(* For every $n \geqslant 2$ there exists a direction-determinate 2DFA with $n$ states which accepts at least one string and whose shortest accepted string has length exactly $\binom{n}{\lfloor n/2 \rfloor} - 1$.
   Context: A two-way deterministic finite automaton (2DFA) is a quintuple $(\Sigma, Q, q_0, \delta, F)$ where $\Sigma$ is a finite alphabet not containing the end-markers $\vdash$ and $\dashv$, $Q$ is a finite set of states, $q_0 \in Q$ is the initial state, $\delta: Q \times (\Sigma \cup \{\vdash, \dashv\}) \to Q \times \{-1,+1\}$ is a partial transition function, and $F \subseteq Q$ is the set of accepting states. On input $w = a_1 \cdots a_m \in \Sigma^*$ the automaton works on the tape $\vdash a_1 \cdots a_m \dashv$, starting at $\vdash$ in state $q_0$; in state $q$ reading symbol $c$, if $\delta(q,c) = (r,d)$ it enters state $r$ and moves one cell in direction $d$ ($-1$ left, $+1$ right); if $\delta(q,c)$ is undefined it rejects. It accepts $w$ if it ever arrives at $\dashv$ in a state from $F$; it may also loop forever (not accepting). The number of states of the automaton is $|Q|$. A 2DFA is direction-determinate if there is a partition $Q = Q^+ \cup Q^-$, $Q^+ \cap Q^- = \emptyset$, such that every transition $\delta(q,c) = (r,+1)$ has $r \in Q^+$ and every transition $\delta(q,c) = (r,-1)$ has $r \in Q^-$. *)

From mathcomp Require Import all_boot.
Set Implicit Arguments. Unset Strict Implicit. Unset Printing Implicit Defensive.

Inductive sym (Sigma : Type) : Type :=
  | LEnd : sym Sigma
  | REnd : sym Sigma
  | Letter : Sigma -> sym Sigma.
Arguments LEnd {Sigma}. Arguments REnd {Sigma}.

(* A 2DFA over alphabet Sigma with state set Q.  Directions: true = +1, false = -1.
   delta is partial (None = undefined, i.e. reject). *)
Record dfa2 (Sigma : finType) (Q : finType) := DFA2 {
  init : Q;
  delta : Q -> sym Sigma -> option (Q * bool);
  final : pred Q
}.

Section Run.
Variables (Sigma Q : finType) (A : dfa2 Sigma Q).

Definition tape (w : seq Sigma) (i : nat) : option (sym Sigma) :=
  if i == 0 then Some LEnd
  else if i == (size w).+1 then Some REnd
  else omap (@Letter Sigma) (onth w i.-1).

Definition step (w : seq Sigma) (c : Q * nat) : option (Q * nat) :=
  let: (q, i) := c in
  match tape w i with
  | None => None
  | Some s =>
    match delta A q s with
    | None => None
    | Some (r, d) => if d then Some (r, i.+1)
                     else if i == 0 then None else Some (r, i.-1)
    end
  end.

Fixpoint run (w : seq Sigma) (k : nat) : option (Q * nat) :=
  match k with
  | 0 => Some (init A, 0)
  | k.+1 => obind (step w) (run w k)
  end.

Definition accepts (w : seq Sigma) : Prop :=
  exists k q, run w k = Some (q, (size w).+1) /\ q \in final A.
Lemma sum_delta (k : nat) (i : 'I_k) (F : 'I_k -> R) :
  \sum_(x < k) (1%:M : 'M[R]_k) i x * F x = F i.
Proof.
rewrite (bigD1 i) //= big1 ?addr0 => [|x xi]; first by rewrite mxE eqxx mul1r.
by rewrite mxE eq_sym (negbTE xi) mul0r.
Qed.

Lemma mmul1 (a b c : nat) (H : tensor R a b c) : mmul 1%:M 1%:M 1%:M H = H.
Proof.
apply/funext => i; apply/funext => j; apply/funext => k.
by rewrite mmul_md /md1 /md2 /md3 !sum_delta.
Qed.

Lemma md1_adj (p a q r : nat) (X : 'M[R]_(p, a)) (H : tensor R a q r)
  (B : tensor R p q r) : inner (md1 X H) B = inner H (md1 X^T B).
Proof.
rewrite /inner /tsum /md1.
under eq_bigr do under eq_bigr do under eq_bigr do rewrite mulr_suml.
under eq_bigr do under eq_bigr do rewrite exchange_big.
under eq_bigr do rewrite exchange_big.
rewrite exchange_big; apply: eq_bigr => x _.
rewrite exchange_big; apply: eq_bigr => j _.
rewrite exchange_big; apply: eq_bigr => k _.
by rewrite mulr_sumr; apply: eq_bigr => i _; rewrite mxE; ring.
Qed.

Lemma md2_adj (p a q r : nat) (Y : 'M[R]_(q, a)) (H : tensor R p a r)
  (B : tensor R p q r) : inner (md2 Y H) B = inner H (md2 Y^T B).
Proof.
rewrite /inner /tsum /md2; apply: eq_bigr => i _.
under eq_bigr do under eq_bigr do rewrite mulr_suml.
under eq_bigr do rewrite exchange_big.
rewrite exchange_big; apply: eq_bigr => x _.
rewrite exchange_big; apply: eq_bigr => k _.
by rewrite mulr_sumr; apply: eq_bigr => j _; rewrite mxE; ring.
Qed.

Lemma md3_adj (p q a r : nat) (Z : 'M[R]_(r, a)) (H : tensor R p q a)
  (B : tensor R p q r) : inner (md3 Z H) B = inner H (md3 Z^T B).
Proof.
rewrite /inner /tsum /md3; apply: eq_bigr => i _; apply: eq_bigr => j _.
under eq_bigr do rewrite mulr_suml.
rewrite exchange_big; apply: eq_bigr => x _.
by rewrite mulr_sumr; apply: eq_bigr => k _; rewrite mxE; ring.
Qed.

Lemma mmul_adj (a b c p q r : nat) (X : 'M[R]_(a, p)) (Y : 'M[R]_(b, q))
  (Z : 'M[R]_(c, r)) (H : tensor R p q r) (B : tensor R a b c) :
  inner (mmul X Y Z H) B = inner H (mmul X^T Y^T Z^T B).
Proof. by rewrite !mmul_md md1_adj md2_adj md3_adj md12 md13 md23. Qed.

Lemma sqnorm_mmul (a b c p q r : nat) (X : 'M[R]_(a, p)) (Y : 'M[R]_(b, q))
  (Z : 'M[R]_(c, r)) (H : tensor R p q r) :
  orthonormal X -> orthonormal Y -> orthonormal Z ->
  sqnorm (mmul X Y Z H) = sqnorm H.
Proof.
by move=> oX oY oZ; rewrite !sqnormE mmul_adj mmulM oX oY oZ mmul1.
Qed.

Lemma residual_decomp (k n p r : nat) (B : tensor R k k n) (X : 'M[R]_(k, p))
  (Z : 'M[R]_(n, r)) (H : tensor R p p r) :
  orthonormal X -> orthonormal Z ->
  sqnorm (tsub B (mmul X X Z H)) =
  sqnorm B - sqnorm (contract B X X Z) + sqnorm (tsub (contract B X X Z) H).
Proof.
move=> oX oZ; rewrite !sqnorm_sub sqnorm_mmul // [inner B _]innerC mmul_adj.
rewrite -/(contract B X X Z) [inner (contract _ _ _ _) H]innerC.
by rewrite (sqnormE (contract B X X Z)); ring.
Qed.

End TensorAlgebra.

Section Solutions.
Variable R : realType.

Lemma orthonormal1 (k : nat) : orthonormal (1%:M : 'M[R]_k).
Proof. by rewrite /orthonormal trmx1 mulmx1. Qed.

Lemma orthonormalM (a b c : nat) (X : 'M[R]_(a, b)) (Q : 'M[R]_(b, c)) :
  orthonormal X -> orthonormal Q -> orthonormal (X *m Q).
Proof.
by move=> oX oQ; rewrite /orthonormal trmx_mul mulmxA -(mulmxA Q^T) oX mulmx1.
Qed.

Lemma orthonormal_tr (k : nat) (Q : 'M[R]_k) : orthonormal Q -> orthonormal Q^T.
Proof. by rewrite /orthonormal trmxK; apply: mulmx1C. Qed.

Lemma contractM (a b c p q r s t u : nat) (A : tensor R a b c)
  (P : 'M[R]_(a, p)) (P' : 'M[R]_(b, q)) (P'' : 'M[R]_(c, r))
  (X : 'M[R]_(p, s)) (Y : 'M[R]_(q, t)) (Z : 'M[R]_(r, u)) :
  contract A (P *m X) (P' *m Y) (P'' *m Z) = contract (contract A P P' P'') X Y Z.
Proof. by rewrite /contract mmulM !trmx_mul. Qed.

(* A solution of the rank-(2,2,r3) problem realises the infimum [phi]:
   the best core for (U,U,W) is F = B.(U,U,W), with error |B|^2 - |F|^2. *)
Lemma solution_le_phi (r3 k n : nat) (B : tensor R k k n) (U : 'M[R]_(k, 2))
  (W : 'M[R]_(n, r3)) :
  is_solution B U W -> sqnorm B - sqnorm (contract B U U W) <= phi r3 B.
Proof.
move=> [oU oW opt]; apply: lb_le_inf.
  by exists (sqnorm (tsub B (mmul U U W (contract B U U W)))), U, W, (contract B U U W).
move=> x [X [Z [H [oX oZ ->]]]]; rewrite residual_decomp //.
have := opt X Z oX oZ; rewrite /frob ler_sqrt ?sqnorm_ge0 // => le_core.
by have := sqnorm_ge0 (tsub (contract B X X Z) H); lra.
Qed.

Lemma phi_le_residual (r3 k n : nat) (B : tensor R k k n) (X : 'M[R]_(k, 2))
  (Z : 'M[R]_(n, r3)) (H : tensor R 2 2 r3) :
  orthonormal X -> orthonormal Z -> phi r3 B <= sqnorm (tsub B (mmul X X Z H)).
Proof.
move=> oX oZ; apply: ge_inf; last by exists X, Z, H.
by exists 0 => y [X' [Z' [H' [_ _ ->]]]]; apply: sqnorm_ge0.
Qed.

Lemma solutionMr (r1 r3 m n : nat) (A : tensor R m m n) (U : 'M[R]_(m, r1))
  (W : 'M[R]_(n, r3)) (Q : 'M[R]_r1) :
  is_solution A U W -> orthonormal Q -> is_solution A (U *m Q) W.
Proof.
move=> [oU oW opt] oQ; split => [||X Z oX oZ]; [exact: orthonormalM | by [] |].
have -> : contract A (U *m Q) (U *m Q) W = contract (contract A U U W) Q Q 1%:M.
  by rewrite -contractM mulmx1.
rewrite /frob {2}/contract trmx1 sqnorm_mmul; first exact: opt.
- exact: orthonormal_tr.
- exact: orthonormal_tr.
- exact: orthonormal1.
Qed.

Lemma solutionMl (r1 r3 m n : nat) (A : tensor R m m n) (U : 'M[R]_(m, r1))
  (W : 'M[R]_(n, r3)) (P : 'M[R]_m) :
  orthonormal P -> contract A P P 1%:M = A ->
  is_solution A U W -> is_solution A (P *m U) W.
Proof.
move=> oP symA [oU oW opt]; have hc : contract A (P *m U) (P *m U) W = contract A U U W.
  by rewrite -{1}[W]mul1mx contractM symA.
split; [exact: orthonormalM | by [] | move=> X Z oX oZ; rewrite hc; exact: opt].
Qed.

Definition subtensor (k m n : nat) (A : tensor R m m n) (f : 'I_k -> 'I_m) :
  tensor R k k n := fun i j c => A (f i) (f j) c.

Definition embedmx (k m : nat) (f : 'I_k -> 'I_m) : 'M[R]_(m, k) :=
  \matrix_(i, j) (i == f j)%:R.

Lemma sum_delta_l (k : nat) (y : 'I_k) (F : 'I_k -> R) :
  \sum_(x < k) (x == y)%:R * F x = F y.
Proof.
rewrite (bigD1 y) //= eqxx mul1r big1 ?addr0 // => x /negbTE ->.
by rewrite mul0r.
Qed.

++++++++++++++++++++

- [Task objective]: Your answer should be the lines of the listing above between the line holding "Section Run." and the line holding "rewrite /inner /tsum /md1.", inclusive, restated word for word and alone.

- [Result for this exercise]:
Section Run.
Variables (Sigma Q : finType) (A : dfa2 Sigma Q).

Definition tape (w : seq Sigma) (i : nat) : option (sym Sigma) :=
  if i == 0 then Some LEnd
  else if i == (size w).+1 then Some REnd
  else omap (@Letter Sigma) (onth w i.-1).

Definition step (w : seq Sigma) (c : Q * nat) : option (Q * nat) :=
  let: (q, i) := c in
  match tape w i with
  | None => None
  | Some s =>
    match delta A q s with
    | None => None
    | Some (r, d) => if d then Some (r, i.+1)
                     else if i == 0 then None else Some (r, i.-1)
    end
  end.

Fixpoint run (w : seq Sigma) (k : nat) : option (Q * nat) :=
  match k with
  | 0 => Some (init A, 0)
  | k.+1 => obind (step w) (run w k)
  end.

Definition accepts (w : seq Sigma) : Prop :=
  exists k q, run w k = Some (q, (size w).+1) /\ q \in final A.
Lemma sum_delta (k : nat) (i : 'I_k) (F : 'I_k -> R) :
  \sum_(x < k) (1%:M : 'M[R]_k) i x * F x = F i.
Proof.
rewrite (bigD1 i) //= big1 ?addr0 => [|x xi]; first by rewrite mxE eqxx mul1r.
by rewrite mxE eq_sym (negbTE xi) mul0r.
Qed.

Lemma mmul1 (a b c : nat) (H : tensor R a b c) : mmul 1%:M 1%:M 1%:M H = H.
Proof.
apply/funext => i; apply/funext => j; apply/funext => k.
by rewrite mmul_md /md1 /md2 /md3 !sum_delta.
Qed.

Lemma md1_adj (p a q r : nat) (X : 'M[R]_(p, a)) (H : tensor R a q r)
  (B : tensor R p q r) : inner (md1 X H) B = inner H (md1 X^T B).
Proof.
rewrite /inner /tsum /md1.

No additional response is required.